The typical multiplier for the IQR to determine outliers is 1.5 (roughly equivalent to the practice of using two standard deviations in a parametric setting). However, a value of 3.0 is fairly common as well, which considers only truly extreme observations as outliers. The multiplier to determine the fence can be changed with the **Hinge > 3.0** option (right click in the plot to select the options menu, and
then choose the hinge value, as in Figure 19).

The resulting box plot (with the statistics display turned off in Figure 20) no longer characterizes the lowest value as an outlier.

Several other options for the box plot are the same as for the histogram, such as saving the selection, copying the image to the clipboard, and saving the graph as an image file.

Also, as is the case for any graph in GeoDa, linking is implemented.
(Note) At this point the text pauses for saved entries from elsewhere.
(* Let $D$ be an upright long knot diagram (possibly with null vertices) and let $D'$ be obtained from $D$ by the null vertex move: an edge of $D$ with rotation number $\varphi$ is split, by inserting a new null vertex at a point where its tangent points upward, into two consecutive edges with rotation numbers $\varphi'$ and $\varphi''$, where $\varphi'+\varphi''=\varphi$ (or conversely, such a null vertex is removed). Then $\theta_0(D')=\theta_0(D)$.
   Context: An upright long knot diagram is a planar diagram of a long oriented knot such that at every crossing both strands point upward and the knot points upward at its beginning and end. It may contain null vertices (marked points on the knot, away from crossings, where the tangent points upward, whose only role is to cut edges). Edges are the arcs obtained by cutting the knot at all crossings (both strands) and null vertices; they carry distinct labels, $\ell^+$ denotes the label of the edge following $\ell$. Each edge $k$ has a rotation number $\varphi_k$: the signed number of points where its tangent is horizontal and heading right, cups $+1$, caps $-1$. A crossing is $c=(s,i,j)$: sign $s=\pm1$, incoming over-edge $i$, incoming under-edge $j$ (outgoing edges $i^+$, $j^+$); $X$ is the set of crossings. A null vertex with incoming edge $j$ and outgoing edge $k$ is recorded as $(j,k)$. Let $A=I+\sum_cA_c+\sum_{\mathrm{nv}}A_{\mathrm{nv}}$ where $A_c$ is zero except for entries $-T^s$ at $(i,i^+)$, $T^s-1$ at $(i,j^+)$, $-1$ at $(j,j^+)$, and $A_{\mathrm{nv}}$ is zero except for $-1$ at $(j,k)$. Let $G=(g_{\alpha\beta})=A^{-1}$ over $\mathbb{Q}(T)$. Let $T_3=T_1T_2$ and let $g_{\nu\alpha\beta}$ be $g_{\alpha\beta}$ with $T\to T_\nu$ ($\nu=1,2,3$). For crossings $c=(s,i,j)$, $c_0=(s_0,i_0,j_0)$, $c_1=(s_1,i_1,j_1)$ and an edge $k$: $$F_1(c)= s\Big[\tfrac12 - g_{3ii} + T_2^s g_{1ii}g_{2ji} - T_2^s g_{3jj}g_{2ji} - (T_2^s-1)g_{3ii}g_{2ji} + (T_3^s-1)g_{2ji}g_{3ji} - g_{1ii}g_{2jj} + 2g_{3ii}g_{2jj} + g_{1ii}g_{3jj} - g_{2ii}g_{3jj}\Big]$$ $$\quad + \frac{s}{T_2^s-1}\Big[(T_1^s-1)T_2^s\big(g_{3jj}g_{1ji}-g_{2jj}g_{1ji}+T_2^sg_{1ji}g_{2ji}\big) + (T_3^s-1)g_{3ji}\big(1-T_2^sg_{1ii}+g_{2ij}+(T_2^s-2)g_{2jj}-(T_1^s-1)(T_2^s+1)g_{1ji}\big)\Big],$$ $$F_2(c_0,c_1)=\frac{s_1(T_1^{s_0}-1)(T_3^{s_1}-1)g_{1j_1i_0}g_{3j_0i_1}}{T_2^{s_1}-1}\Big(T_2^{s_0}g_{2i_1i_0}+g_{2j_1j_0}-T_2^{s_0}g_{2j_1i_0}-g_{2i_1j_0}\Big),\qquad F_3(k)=(g_{3kk}-\tfrac12)\varphi_k,$$ and $\theta_0(D)=\sum_{c\in X}F_1(c)+\sum_{c_0,c_1\in X}F_2(c_0,c_1)+\sum_{\text{edges }k}F_3(k)$ (ordered pairs, including $c_0=c_1$; null vertices contribute no terms of their own). *)

From HB Require Import structures.
From mathcomp Require Import all_boot all_order all_algebra.
From mathcomp Require Import fraction.
Set Implicit Arguments. Unset Strict Implicit. Unset Printing Implicit Defensive.
Import Order.TTheory GRing.Theory Num.Theory.
Local Open Scope ring_scope.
For example, selecting the lower outlier in the box plot will highlight the corresponding observation in the themeless map of sub-boroughs, as shown in Figure 21. The reverse process, consisting of first selecting in the map, works as well.

The main purpose of the box plot in an exploratory strategy is to identify outlier observations. Later, we will see how to assess whether such outliers also coincide in space.

## Bivariate Analysis: The Scatter Plot

### Creating a Scatter Plot

The standard tool to assess a *linear* relationship between two variables is the
scatter plot, a diagram with two axes, each corresponding to one of the variables. The
observation (x, y) pairs are plotted as points in the diagram.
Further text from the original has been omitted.